When the shape of a flower is incompatible with their bills, some hummingbirds may become nectar robbers by piercing the base of the flower's corolla to access the nectar, without contributing to pollination. Hummingbirds of the Colibri and Heliothryx groups, to which the horned sungem belongs, have bill tips that are flattened laterally (sideways) to a stronger degree than in any other hummingbird species. This bill shape, which has also been termed a "stiletto-shape", is probably an adaptation for piercing flowers for nectar robbing. The "stiletto-shape" is pronounced in the horned sungem, although to a lesser degree than in some related hummingbirds such as Geoffroy's daggerbill, which is named after this feature. A 2016 study confirmed nectar robbing in the horned sungem; the observed individuals robbed nectar from the plants Amphilophium elongatum and a species of Sinningia. However, it could not be observed whether the openings used to obtain the nectar were created by the sungem, by another hummingbird, or even by an insect. Nectar robbing may be an important survival strategy for the horned sungem in times of food shortages.

===Breeding===

Male filmed near Serra do Cipó National Park

The sungem's breeding season is mostly from June to October but in some cases starts as early as April. The female alone builds the nest, incubates the eggs, and cares for the young. It makes a small cup nest of soft material and spider web, adorned with lichen on the outside. One nest was measured at 2.9 cm in diameter and 1.95 cm in height. It is built in a branch fork, usually at a height of approximately 1 m. The female lays two white and elliptical eggs which are 11 by 8 mm in size and 0.29 g in weight. In one case, the second egg was laid within two hours of the first. The eggs are incubated for about 13 days. The chicks are naked and black just after hatching, and fledge 20 to 22 days later. A 2012 study monitored one nest and found that it was re-used for a second breeding attempt later in the same breeding season. The birds become sexually mature in their second year, and the average generation length has been estimated at 4.2 years.

===Agonistic behavior===
A 2014 study monitored fights over territory between the hummingbirds of a Cerrado habitat. Of the three resident hummingbird species in the studied area, the horned sungem was found to be the most aggressive, with 12 fights between horned sungem individuals and 7 attacks on a subordinate species, the glittering-bellied emerald. The horned sungem is subordinate to the larger swallow-tailed hummingbird in areas where this species occurs.

===Parasites===
The feather mite Allodectes norneri is a known parasite of the horned sungem. This mite has also been recorded in the long-tailed sylph.

==Status==
The IUCN has assessed the horned sungem as being of least concern. This species was in high demand in the international bird trade, but from the end of the 1970s this trade has been restricted. As with all hummingbird species, the horned sungem is listed in Appendix II of CITES (Convention on International Trade in Endangered Species of Wild Fauna and Flora). The sungem occurs in several protected areas, such as Serra do Cipó National Park and Brasília National Park in Brazil and Noel Kempff Mercado National Park in Bolivia. The species has recently expanded into Espírito Santo and southern Amazonas, being one of few hummingbirds that have recently increased their range. Though its population size is not known, it is believed to be increasing.
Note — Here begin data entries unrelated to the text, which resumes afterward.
Lemma series_bellman_residual (f : {ffun S * A -> R}) N :
  series (fun t => gamma ^+ t *
     \sum_sa sa_distr P d0 pi t sa * (f sa - bellman Rw P gamma pi f sa)) N
  = stage_value f 0 - gamma ^+ N * stage_value f N - series disc_reward N.
Proof.
rewrite /series /=; elim: N => [|N IH].
  by rewrite !big_geq // expr0 mul1r subrr sub0r oppr0.
by rewrite !big_nat_recr //= IH bellman_residual_stage /disc_reward exprS; ring.
Qed.

Lemma series_disc_sum (u : S * A -> R) N :
  series (fun t => gamma ^+ t * \sum_sa sa_distr P d0 pi t sa * u sa) N
  = \sum_sa u sa * series (disc_visit sa) N.
Proof.
rewrite /series /= /disc_visit.
under eq_bigr do rewrite mulr_sumr.
rewrite exchange_big /=; apply: eq_bigr => sa _.
by rewrite mulr_sumr; apply: eq_bigr => t _; ring.
Qed.

Lemma series_expr_le N : series (fun t => gamma ^+ t) N <= (1 - gamma)^-1.
Proof.
have gamma_lt1' : 0 < 1 - gamma by rewrite subr_gt0.
have telescope : (1 - gamma) * series (fun t => gamma ^+ t) N = 1 - gamma ^+ N.
  rewrite /series /=; elim: N => [|N IH]; first by rewrite big_geq // expr0 mulr0 subrr.
  by rewrite big_nat_recr //= mulrDr IH exprS; ring.
by rewrite -[X in _ <= X]mulr1 ler_pdivlMl // telescope lerBlDr lerDl exprn_ge0.
Qed.

Lemma series_disc_visit_le (u : S * A -> R) N :
  (forall sa, 0 <= u sa <= 1) ->
  \sum_sa u sa * series (disc_visit sa) N <= (1 - gamma)^-1.
Proof.
move=> u01; rewrite -series_disc_sum; apply: le_trans (series_expr_le N).
rewrite /series /=; apply: ler_sum => t _.
rewrite -[X in _ <= X]mulr1 ler_wpM2l ?exprn_ge0 //.
rewrite -(sum_sa_distr t) ler_sum // => sa _.
have /andP [u0 u1] := u01 sa.
by rewrite -[X in _ <= X]mulr1 ler_wpM2l ?sa_distr_ge0.
Qed.

Lemma disc_visit_ge0 sa t : 0 <= disc_visit sa t.
Proof. by rewrite mulr_ge0 ?exprn_ge0 ?sa_distr_ge0. Qed.

Lemma cvgn_disc_visit sa : cvgn (series (disc_visit sa)).
Proof.
apply: nondecreasing_is_cvgn.
  by apply: nondecreasing_series => t _ _; exact: disc_visit_ge0.
exists (1 - gamma)^-1 => _ [N _ <-].
have := series_disc_visit_le [ffun sa' => (sa' == sa)%:R] N.
rewrite (bigD1 sa) //= big1 => [|sa' /negbTE]; last by rewrite ffunE => ->; rewrite mul0r.
rewrite ffunE eqxx mul1r addr0; apply=> sa'; rewrite ffunE.
by case: (sa' == sa); rewrite ?lexx ?ler01.
Qed.

Lemma lim_disc_visit_ge0 sa : 0 <= limn (series (disc_visit sa)).
Proof.
apply: le_trans (nondecreasing_cvgn_le _ (cvgn_disc_visit sa) 0).
  by rewrite /series /= big_geq.
by apply: nondecreasing_series => t _ _; exact: disc_visit_ge0.
Qed.

Lemma cvgn_sum_series_disc_visit (u : S * A -> R) :
  (\sum_sa u sa * series (disc_visit sa) N) @[N --> \oo] -->
  \sum_sa u sa * limn (series (disc_visit sa)).
Proof.
apply: cvg_big => [|sa _]; first exact: add_continuous.
exact: cvgMl_tmp (cvgn_disc_visit sa).
Qed.

Lemma abs_stage_value_le (f : {ffun S * A -> R}) t :
  `|stage_value f t| <= \sum_sa `|f sa|.
Proof.
rewrite stage_valueE; apply: le_trans (ler_norm_sum _ _ _) _.
apply: ler_sum => sa _; rewrite normrM (ger0_norm (sa_distr_ge0 _ _)).
by rewrite -[X in _ <= X]mul1r ler_wpM2r ?sa_distr_le1.
Qed.

Lemma cvg_disc_stage_value (f : {ffun S * A -> R}) :
  (gamma ^+ N * stage_value f N) @[N --> \oo] --> (0 : R).
Proof.
have gamma_abs : `|gamma| < 1 by rewrite ger0_norm.
set M := \sum_sa `|f sa|.
apply: (@squeeze_cvgr _ _ _ _ (fun N => - M * gamma ^+ N) (fun N => M * gamma ^+ N)).
- apply: nearW => N.
  have : `|gamma ^+ N * stage_value f N| <= M * gamma ^+ N.
    by rewrite normrM ger0_norm ?exprn_ge0 // mulrC ler_wpM2r ?exprn_ge0 ?abs_stage_value_le.
  by rewrite ler_norml mulNr.
- by rewrite -(mulr0 (- M)); exact: cvgMl_tmp (cvg_expr gamma_abs).
- by rewrite -(mulr0 M); exact: cvgMl_tmp (cvg_expr gamma_abs).
Qed.

Lemma performance_difference (f : {ffun S * A -> R}) :
  Jret Rw P d0 gamma pi = Jf d0 f pi -
    \sum_sa (f sa - bellman Rw P gamma pi f sa) * limn (series (disc_visit sa)).
Proof.
have partial_sums N : series disc_reward N = stage_value f 0 - gamma ^+ N * stage_value f N -
    \sum_sa (f sa - bellman Rw P gamma pi f sa) * series (disc_visit sa) N.
  by rewrite -series_disc_sum series_bellman_residual; ring.
apply: cvg_lim => //; rewrite (eq_cvg _ _ partial_sums).
have -> : Jf d0 f pi = stage_value f 0 - 0 by rewrite subr0.
apply: cvgB; first apply: cvgB; first exact: cvg_cst.
  exact: cvg_disc_stage_value.
exact: cvgn_sum_series_disc_visit.
Qed.

Lemma occupancy_ge0 sa : 0 <= occupancy P d0 gamma pi sa.
Proof. by rewrite mulr_ge0 ?lim_disc_visit_ge0 // subr_ge0 ltW. Qed.

Lemma sum_occupancy_le1 : \sum_sa occupancy P d0 gamma pi sa <= 1.
Proof.
have gamma_lt1' : 0 < 1 - gamma by rewrite subr_gt0.
rewrite -mulr_sumr -ler_pdivlMl // mulr1.
have := cvgn_sum_series_disc_visit (fun=> 1); under eq_bigr do rewrite mul1r.
move=> /cvg_lim <- //; apply: limr_le; first by apply: cvgP (cvgn_sum_series_disc_visit _).
by apply: nearW => N; apply: series_disc_visit_le => sa; rewrite lexx ler01.
Qed.

End Occupancy.

Lemma abs_wsum_le_sqrt {R : realType} {I : finType} {w : I -> R} (u : I -> R) :
  (forall i, 0 <= w i) -> \sum_i w i <= 1 ->
  `|\sum_i w i * u i| <= Num.sqrt (\sum_i w i * u i ^+ 2).
Proof.
move=> w0 w1; set m := \sum_i w i * u i.
have variance : \sum_i w i * (u i - m) ^+ 2 =
    \sum_i w i * u i ^+ 2 - 2 * m * m + m ^+ 2 * \sum_i w i.
  transitivity (\sum_i w i * u i ^+ 2 - \sum_i 2 * m * (w i * u i) + \sum_i m ^+ 2 * w i).
    by rewrite -sumrB -big_split /=; apply: eq_bigr => i _; ring.
  by rewrite -!mulr_sumr.
have : 0 <= \sum_i w i * (u i - m) ^+ 2.
  by apply: sumr_ge0 => i _; rewrite mulr_ge0 ?sqr_ge0.
have : m ^+ 2 * \sum_i w i <= m ^+ 2 by rewrite ler_piMr ?sqr_ge0.
rewrite variance -sqrtr_sqr ler_sqrt ?expr2 => [|*]; first lra.
by apply: sumr_ge0 => i _; rewrite mulr_ge0 ?sqr_ge0.
Qed.

Lemma occupancy_le_conc_coef {R : realType} {S A : finType} {P : S -> A -> S -> R}
    {d0 : S -> R} {gamma : R} { pi : {ffun S * A -> R} } {dD : S * A -> R} :
  (forall sa, 0 <= dD sa) -> (conc_coef P d0 gamma pi dD < +oo)%E ->
  0 <= fine (conc_coef P d0 gamma pi dD) /\
  forall sa, occupancy P d0 gamma pi sa <= fine (conc_coef P d0 gamma pi dD) * dD sa.
Proof.
move=> dD_ge0; rewrite /conc_coef; case: ifP => [/forallP dD0_occ0 _|]; last by rewrite ltxx.
split=> [|sa]; first exact: bigmax_ge_id.
have [dD0|dD_neq0] := eqVneq (dD sa) 0.
  by move: (dD0_occ0 sa); rewrite dD0 eqxx mulr0 => /eqP ->.
rewrite -ler_pdivrMr ?lt0r ?dD_neq0 ?dD_ge0 //.
exact: (le_bigmax _ (fun sa => occupancy P d0 gamma pi sa / dD sa)).
Qed.

Definition wsq_dist {R : realType} {T : finType} (d : T -> R) (f g : T -> R) :=
  \sum_t d t * (f t - g t) ^+ 2.

(* Combine the performance difference lemma with Cauchy-Schwarz under [d^pi]
   and the change of measure [d^pi <= C_pi d^D]. *)
Lemma value_estimate_error_le {R : realType} {S A : finType} (Rw : S -> A -> R)
    {P : S -> A -> S -> R} {d0 : S -> R} {gamma : R} { pi : {ffun S * A -> R} }
    {dD : S * A -> R} (f : {ffun S * A -> R}) :
  (forall s a, is_distr (P s a)) -> is_distr d0 -> is_policy pi ->
  0 <= gamma < 1 -> (forall sa, 0 <= dD sa) ->
  (conc_coef P d0 gamma pi dD < +oo)%E ->
  `|Jf d0 f pi - Jret Rw P d0 gamma pi| <=
   (1 - gamma)^-1 * Num.sqrt (fine (conc_coef P d0 gamma pi dD) *
      wsq_dist dD f (bellman Rw P gamma pi f)).
Proof.
move=> HP Hd0 Hpi /andP [gamma_ge0 gamma_lt1] dD_ge0 conc_fin.
have gamma_lt1' : 0 < 1 - gamma by rewrite subr_gt0.
have [C_ge0 occ_le] := occupancy_le_conc_coef dD_ge0 conc_fin.
set C := fine _ in C_ge0 occ_le *.
set u := fun sa => f sa - bellman Rw P gamma pi f sa.
rewrite (performance_difference Rw HP Hd0 Hpi gamma_ge0 gamma_lt1 f) opprB addrC subrK.
rewrite [X in `|X|](_ : _ = (1 - gamma)^-1 * \sum_sa occupancy P d0 gamma pi sa * u sa).
  2: by rewrite mulr_sumr; apply: eq_bigr => sa _; rewrite /occupancy mulrA mulKf ?gt_eqF // mulrC.
have inv_ge0 : 0 <= (1 - gamma)^-1 by rewrite invr_ge0 ltW.
rewrite normrM ger0_norm // ler_wpM2l //.
apply: le_trans (abs_wsum_le_sqrt u
  (occupancy_ge0 HP Hd0 Hpi gamma_ge0 gamma_lt1)
  (sum_occupancy_le1 HP Hd0 Hpi gamma_ge0 gamma_lt1)) _.
rewrite ler_sqrt; last by rewrite mulr_ge0 ?sumr_ge0 // => sa _; rewrite mulr_ge0 ?sqr_ge0.
by rewrite mulr_sumr ler_sum // => sa _; rewrite mulrA ler_wpM2r ?sqr_ge0.
Qed.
A 2019 study estimated the vulnerability of 103 bird species native to the Brazilian Cerrado to changes in climate and land use projected for 2050, and found that the horned sungem is adaptable and comparatively insensitive to these threats. One of the criteria used was the dispersal ability (the bird's ability to move to new areas), which was estimated based on wing measurements. Together with another hummingbird, the frilled coquette, the horned sungem had the highest estimated dispersal ability of the studied species.